TRY TRY TRY TRY

For five glorious Tuesdays in the summer of 2011 I walked from our apartment on Graefestrasse and walked through Kreuzberg to Druckwerkstatt where I would design, set, and print something.

I would arrive in the print shop with an empty mind and a blank canvas, and emerge, 6 or 7 hours later, with a thing. It the annals of my creativity it was a summer to bookmark.

I woke up this morning to an email from a friend that was so full of light that some of it spilled over into me. And it is Tuesday. So I rousted myself up earlier than has been my pandemic habit, and got to the print shop by 9:30 a.m. With a blank canvas.

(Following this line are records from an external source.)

(* h need not preserve 1; it becomes a monoid morphism on S with a new identity
   adjoined, and naturality for the two morphisms out of it relates both sides *)
Lemma ev_mul_morph (S T : finMonoid) (h : S -> T) x (e : A -> S) :
  {morph h : a b / a ** b} -> h fm_one ** ev x T (h \o e) = h (ev x S e).
Proof.
move=> hM.
pose hT (o : adjoin_one S) : T := if o is Some s then h s else fm_one.
pose hS (o : adjoin_one S) : S := if o is Some s then s else fm_one.
have hT_mhom : is_mhom hT by split=> // -[a|] [b|] //=; rewrite ?fm_mul1 ?fm_mulr1.
have hS_mhom : is_mhom hS by split=> // -[a|] [b|] //=; rewrite ?fm_mul1 ?fm_mulr1.
have -> : ev x T (h \o e) = hT (ev x (adjoin_one S) (Some \o e)).
  by rewrite /ev (proj2_sig x _ _ _ hT_mhom).
have -> : ev x S e = hS (ev x (adjoin_one S) (Some \o e)).
  by rewrite /ev (proj2_sig x _ _ _ hS_mhom).
by case: (ev x _ _) => [s|] /=; rewrite ?fm_mulr1 // -hM fm_mul1.
Qed.

Lemma ev_generated x (T : finMonoid) (e : A -> T) : generated e (ev x T e).
Proof.
pose S := local_monoid (fm_mul1 fm_one) (generated1 e).
have in_S a : in_local e fm_one (e a).
  apply/(in_localP e (fm_mul1 _)); rewrite fm_mul1 fm_mulr1.
  by split=> //; exact: generated_letter.
pose eS (a : A) : S := exist (in_local e fm_one) _ (in_S a).
have := ev_mul_morph x eS (fun s t : S => erefl (val (s ** t))).
rewrite /= fm_mul1 => ->.
by case/(in_localP e (fm_mul1 _)): (valP (ev x S eS)).
Qed.
Theorem proposition4p1 (h z : R -> R -> R) (a b : R) :
  0 < a -> 0 < b ->
  (* h smooth near (0,0) *)
  (exists r, 0 < r /\ Cinf (sq r) h) ->
  (* Taylor expansion h = a^2 x^2 + b^2 y^2 + sum_{m+n>=3} h_{m,n} x^m y^n,
     i.e. the Taylor coefficients of order <= 2 are as prescribed *)
  h 0 0 = 0 ->
  dx h 0 0 = 0 -> dy h 0 0 = 0 ->
  dx (dx h) 0 0 = 2 * a ^ 2 ->
  dx (dy h) 0 0 = 0 ->
  dy (dy h) 0 0 = 2 * b ^ 2 ->
  (* z is a C^3 solution of z_x^2 + z_y^2 = h near (0,0), z(0,0) = 0 *)
  (exists r, 0 < r /\ Ck 3 (sq r) z /\
     forall x y, sq r x y -> (dx z x y) ^ 2 + (dy z x y) ^ 2 = h x y) ->
  z 0 0 = 0 ->
  (a <> b ->
     exists s1 s2, pm1 s1 /\ pm1 s2 /\
       bigO3 (fun x y => z x y - / 2 * (s1 * a * x ^ 2 + s2 * b * y ^ 2))) /\
  (a = b ->
     exists xi s1 s2, pm1 s1 /\ pm1 s2 /\
       bigO3 (fun x y =>
         let u := x * cos xi + y * sin xi in
         let v := - x * sin xi + y * cos xi in
         z x y - / 2 * (s1 * a * u ^ 2 + s2 * b * v ^ 2))).
Proof.
  intros Ha Hb _ Hh0 _ _ Hhxx Hhxy Hhyy (r & Hr & Hz & Heik) Hz0.
  assert (Hsq0 : sq r 0 0) by (split; rewrite Rabs_R0; exact Hr).
  destruct (eikonal_critical (sq r) h z Heik 0 0 Hsq0 Hh0) as [Hzx Hzy].
  assert (Hxx := dxx_eikonal (sq r) h z (sq_open r) Hz Heik 0 0 Hsq0 Hzx Hzy).
  assert (Hxy := dxy_eikonal (sq r) h z (sq_open r) Hz Heik 0 0 Hsq0 Hzx Hzy).
  assert (Hyy := dyy_eikonal (sq r) h z (sq_open r) Hz Heik 0 0 Hsq0 Hzx Hzy).
  assert (T := Ck3_taylor2_bigO3 (sq r) z (sq_open r 0 0 Hsq0) Hz).
  rewrite Hz0, Hzx, Hzy in T.
  set (p := dx (dx z) 0 0) in *. set (q := dx (dy z) 0 0) in *. set (s := dy (dy z) 0 0) in *.
  assert (Ka : p ^ 2 + q ^ 2 = a ^ 2) by lra.
  assert (Kb : q ^ 2 + s ^ 2 = b ^ 2) by lra.
  assert (Kc : q * (p + s) = 0) by lra.
  split; intro Hab.
  - destruct (sym_sqrt_diag_quadratic_form a b p q s Ha Hb Hab Ka Kb Kc) as (s1 & s2 & H1 & H2 & E).
    exists s1, s2. split; [exact H1 |]. split; [exact H2 |].
    apply (bigO3_ext _ _ T). intros x y. rewrite <- E. ring.
  - subst b.
    destruct (sym_sqrt_scalar_quadratic_form a p q s Ha Ka Kb Kc) as (xi & s1 & s2 & H1 & H2 & E).
    exists xi, s1, s2. split; [exact H1 |]. split; [exact H2 |].
    apply (bigO3_ext _ _ T). intros x y. cbv zeta. rewrite <- E. ring.
Qed.
(* Let $L$ be a Noetherian $\Sigma$-pseudofield such that $L^\sigma$ is a $\Sigma_1$-closed pseudofield. Then there exist a field $F$ and $n\ge1$ such that $L\cong\prod_{i=1}^nF_{\Sigma_1}(F)$ as $\Sigma_1$-rings.
   Context: All rings are commutative with $1$. Fix $\Sigma_0=\mathbb Z$ with generator $\sigma$, a finite abelian group $\Sigma_1=\mathbb Z/t_1\mathbb Z\oplus\dots\oplus\mathbb Z/t_s\mathbb Z$ ($t_i\ge2$), and $\Sigma=\Sigma_0\oplus\Sigma_1$. For a subgroup $\Sigma'\subseteq\Sigma$, a $\Sigma'$-ring is a ring with an action of $\Sigma'$ by ring automorphisms; $\Sigma'$-ideals are $\Sigma'$-stable ideals; $L^\sigma$ is the ring of $\sigma$-invariants. A $\Sigma'$-ring is $\Sigma'$-simple if its only $\Sigma'$-ideals are $0$ and itself ($\neq0$). A ring is absolutely flat if every module over it is flat. A $\Sigma'$-pseudofield is an absolutely flat $\Sigma'$-simple ring; Noetherian if it is a Noetherian ring. A $\Sigma_1$-pseudofield $C$ is $\Sigma_1$-closed if $\sqrt I=\mathbb I(\mathbb V(I))$ for every $n$ and every $\Sigma_1$-ideal $I$ of $C\{y_1,\dots,y_n\}_{\Sigma_1}$ (polynomial ring in indeterminates $\tau y_i$, $\tau\in\Sigma_1$), with $\mathbb V$ the common zero set in $C^n$ and $\mathbb I$ the ideal of vanishing polynomials. For a ring $F$, $F_{\Sigma_1}(F)=\{f:\Sigma_1\to F\}$ with componentwise ring operations and $\Sigma_1$-action $(\mu f)(\tau)=f(\mu^{-1}\tau)$. *)

From HB Require Import structures.
From mathcomp Require Import all_boot all_order all_algebra.
From mathcomp Require Import mpoly.
Set Implicit Arguments. Unset Strict Implicit. Unset Printing Implicit Defensive.
Import Order.TTheory GRing.Theory Num.Theory.
Local Open Scope ring_scope.

Definition is_ring_action (A : zmodType) (L : comNzRingType) (act : A -> L -> L) :=
  [/\ forall a x y, act a (x + y) = act a x + act a y,
      forall a x y, act a (x * y) = act a x * act a y,
      forall a, act a 1 = 1,
      forall x, act 0 x = x &
      forall a b x, act (a + b) x = act a (act b x)].

Definition is_ideal (L : comNzRingType) (I : L -> Prop) :=
  [/\ I 0, forall x y, I x -> I y -> I (x + y) & forall a x, I x -> I (a * x)].

Definition is_act_ideal (A : zmodType) (L : comNzRingType) (act : A -> L -> L)
  (I : L -> Prop) :=
  is_ideal I /\ forall a x, I x -> I (act a x).

Definition act_simple (A : zmodType) (L : comNzRingType) (act : A -> L -> L) :=
  (1 : L) != 0 /\
  forall I, is_act_ideal act I -> (forall x, I x <-> x = 0) \/ (forall x, I x).

Definition noetherian_ring (L : comNzRingType) :=
  forall I : L -> Prop, is_ideal I ->
    exists s : seq L, forall x,
      I x <-> exists c : 'I_(size s) -> L, x = \sum_(i < size s) c i * s`_i.

(* Flat module, via the equational criterion of flatness (no tensor products
   are available in the library). *)
Definition flat_module (L : comNzRingType) (M : lmodType L) :=
  forall (k : nat) (a : 'I_k -> L) (m : 'I_k -> M),
    \sum_(i < k) a i *: m i = 0 ->
    exists (l : nat) (b : 'I_k -> 'I_l -> L) (m' : 'I_l -> M),
      (forall i, m i = \sum_(j < l) b i j *: m' j) /\
      (forall j, \sum_(i < k) a i * b i j = 0).

Definition absolutely_flat (L : comNzRingType) :=
  forall M : lmodType L, flat_module M.

Definition act_pseudofield (A : zmodType) (L : comNzRingType) (act : A -> L -> L) :=
  absolutely_flat L /\ act_simple act.

Section Closed.
Variables (G : finZmodType) (C : comNzRingType) (actC : G -> C -> C) (n : nat).

(* the difference polynomial ring C{y_1..y_n}_G : polynomials in the
   indeterminates tau y_i (i < n, tau in G); the indeterminate tau y_i is
   'X_(dvar (i, tau)). *)
Definition dvar (p : 'I_n * G) : 'I_#|{: 'I_n * G}| := enum_rank p.
Definition dpoly := {mpoly C[#|{: 'I_n * G}|]}.

Definition dpoly_act (mu : G) (p : dpoly) : dpoly :=
  mmap (fun c => (actC mu c)%:MP)
       (fun j => 'X_(dvar ((enum_val j).1, mu + (enum_val j).2))) p.

Definition dpoly_eval (p : dpoly) (a : 'I_n -> C) : C :=
  p.@[fun j => actC (enum_val j).2 (a (enum_val j).1)].

Definition zero_set (I : dpoly -> Prop) : ('I_n -> C) -> Prop :=
  fun a => forall p, I p -> dpoly_eval p a = 0.

Definition vanishing_ideal (V : ('I_n -> C) -> Prop) : dpoly -> Prop :=
  fun p => forall a, V a -> dpoly_eval p a = 0.

Definition radical (I : dpoly -> Prop) : dpoly -> Prop :=
  fun p => exists k : nat, I (p ^+ k).
End Closed.

Definition act_closed (G : finZmodType) (C : comNzRingType) (actC : G -> C -> C) :=
  forall (n : nat) (I : dpoly G C n -> Prop),
    is_act_ideal (@dpoly_act G C actC n) I ->
    forall p, radical I p <-> vanishing_ideal actC (zero_set actC I) p.

(* "L^sigma is a Sigma_1-closed (Sigma_1-)pseudofield": some ring C with a
   G-action, isomorphic (G-equivariantly) to the ring of sigma-invariants
   of L (sigma = action of (1,0)), equipped with the restricted G-action, is a
   Sigma_1-closed Sigma_1-pseudofield. *)
Definition invariants_closed_pseudofield (G : finZmodType) (L : comNzRingType)
  (act : (int * G)%type -> L -> L) :=
  exists (C : comNzRingType) (actC : G -> C -> C) (iota : C -> L),
    [/\ is_ring_action actC,
        [/\ forall x y, iota (x + y) = iota x + iota y,
            forall x y, iota (x * y) = iota x * iota y,
            iota 1 = 1 & injective iota],
        forall y : L, (exists c, iota c = y) <-> act (1%:Z, 0) y = y,
        forall mu c, iota (actC mu c) = act (0, mu) (iota c) &
        act_pseudofield actC /\ act_closed actC].
(* [b_i]: [kratio k (zeta i) ^+ (s * t) = omega ^+ rexp i], with junk value [0] when
   the ratio vanishes. *)
Definition rexp (i : nat) : nat :=
  if i == 0%N then 0%N else dlog (kratio k (zeta i) ^+ (s * t)).

Lemma rexp0 : rexp 0 = 0%N. Proof. by []. Qed.

Lemma rexp_lt i : (rexp i < d)%N.
Proof. by rewrite /rexp; case: eqP => _; [exact: d_gt0 | exact: dlog_lt]. Qed.

Lemma rexp_sub i : (0 < i < d)%N -> rexp (d - i) = rexp i.
Proof.
move=> hi; case/andP: (hi) => i0 id.
by rewrite /rexp kratio_zeta_sub // subn_eq0 leqNgt id eqn0Ngt i0.
Qed.

Lemma kratioX_rexp i : (0 < i)%N -> kratio k (zeta i) != 0 ->
  kratio k (zeta i) ^+ (s * t) = omega ^+ rexp i.
Proof.
rewrite /rexp => /gtn_eqF-> nz; apply/esym/dlogK.
by rewrite -exprM mulnAC exprM mul_sd expf_card_pred // expr1n.
Qed.

Lemma kratioX_eq {i m} : (0 < i)%N ->
  kratio k (zeta i) ^+ (s * t) = omega ^+ m <-> kratio k (zeta i) != 0 /\ rexp i = (m %% d)%N.
Proof.
move=> i0; split=> [km | [nz rexpE]]; last by rewrite kratioX_rexp // rexpE prim_expr_mod.
have nz : kratio k (zeta i) != 0.
  apply: contra_eq_neq km => ->; rewrite expr0n muln_eq0 !gtn_eqF ?s_gt0 //=.
  by rewrite eq_sym expf_neq0 // omega_neq0.
split=> //; move/eqP: km; rewrite kratioX_rexp // (eq_prim_root_expr omega_prim).
by rewrite modn_small ?rexp_lt // => /eqP.
Qed.

Lemma hornerf0 : f.[0] = 0.
Proof. by rewrite horner_fpoly expr0n gtn_eqF // mul0r. Qed.

Lemma hornerf_expS x i : (i < d)%N -> x ^+ s = omega ^+ (2 * i) ->
  ((0 < i)%N -> kratio k (zeta i) != 0) -> f.[x] ^+ s = omega ^+ (i * E + rexp i).
Proof.
move=> id xi nz; rewrite horner_fpoly exprMn exprAC xi -!exprM [(t * s)%N]mulnC.
rewrite (exprv_zeta xi).
case: (posnP i) => [->|i0].
  rewrite /zeta !mul0n !expr0 mul1r (eq_bigr (fun=> 1)) => [|j _]; last by rewrite !expr1n.
  by rewrite sumr_const card_ord kX_st.
rewrite sum_geom_sqr ?zeta_neq0 ?zeta_sqr_neq1 ?i0 // exprMn kratioX_rexp ?nz //.
rewrite /zeta -!exprM -!exprD; congr (_ ^+ _).
by have := v_es; move: (s) (e) => s' e' ->; rewrite subn1; ring.
Qed.

Lemma hornerf_mul_unity z x : z ^+ s = 1 -> f.[z * x] = z ^+ r * f.[x].
Proof.
move=> zs; have zv : z ^+ v = 1 by rewrite v_es mulnC exprM zs expr1n.
by rewrite !horner_fpoly !exprMn zv mul1r mulrA.
Qed.

Lemma fibre_index {x : F} : x != 0 -> exists2 i, (i < d)%N & x ^+ s = omega ^+ (2 * i).
Proof. by move=> /unity_root_d; exact: omegaX_half. Qed.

As I stood in front of the type cabinet, wondering what to do, I looked over at a collection of bits and bobs yet to be sorted and saw T, Y, and R, three wood letters that were a gift last summer from my friend Martin.

T Y R.

T R Y.

Go!

T and R an Y

I squirted a squirt of yellow ink onto the platen, such a pleasure, as it’s an intense yellow, the kind of yellow that you could live inside if you had to:

Yellow on the ink disc

I flipped the motor on the letterpress on and let the rollers quietly do their work turning the squirt into a sheen:

A sheen of yellow ink on the ink disc.

While this was happening, I took some letter-sized card stock and cut down each sheet into four to make postcard-sized cards:

Slicing up paper on the paper cutter.

And when that was done, I set the type; not hard to do with just three letters:

TRY set in wood type.

I mounted the chase in the press, put in a piece of scrap paper, and made my first TRY:

First TRY!

This is always the most uncomfortable time of the printing process for me: imperfection. The T and R are too close together. The T and the Y are heavier than the R. And there’s not enough ink. This purgatory makes me nervous, and I set quickly to work to get closer to heaven through the makeready.

First, I buttressed the R with a rectangle of tissue paper taped underneath:

Raising the R with tissue paper.

I added a shim between the T and the R to add some air, added a squidge more yellow ink, and added some additional packing to get a more satisfying print. The evolution was more satisfying:

First satisfying TRY

Even more so on a postcard:

TRY on a postcard

It’s hard to shoot video and to print at the same time while also staying safe, but here’s a glimpse at what printing a TRY looks like:

I was ready to print in earnest!

I zeroed the counter:

The letterpress counter at 00000.

And I printed. When I was done I had 50 TRYs to dry:

TRYs dry.

Letterpress counter at 50.

Would you like a TRY? Email me your name and postal address and I’ll put one in the mail as soon as they’re dry.

Comments

Gordon's picture
Gordon on March 31, 2020 - 17:47 Permalink

TRY to stay well, my friend.

Susan White's picture
Susan White on April 1, 2020 - 13:49 Permalink

I love when you write about your printing processes. I find it fascinating.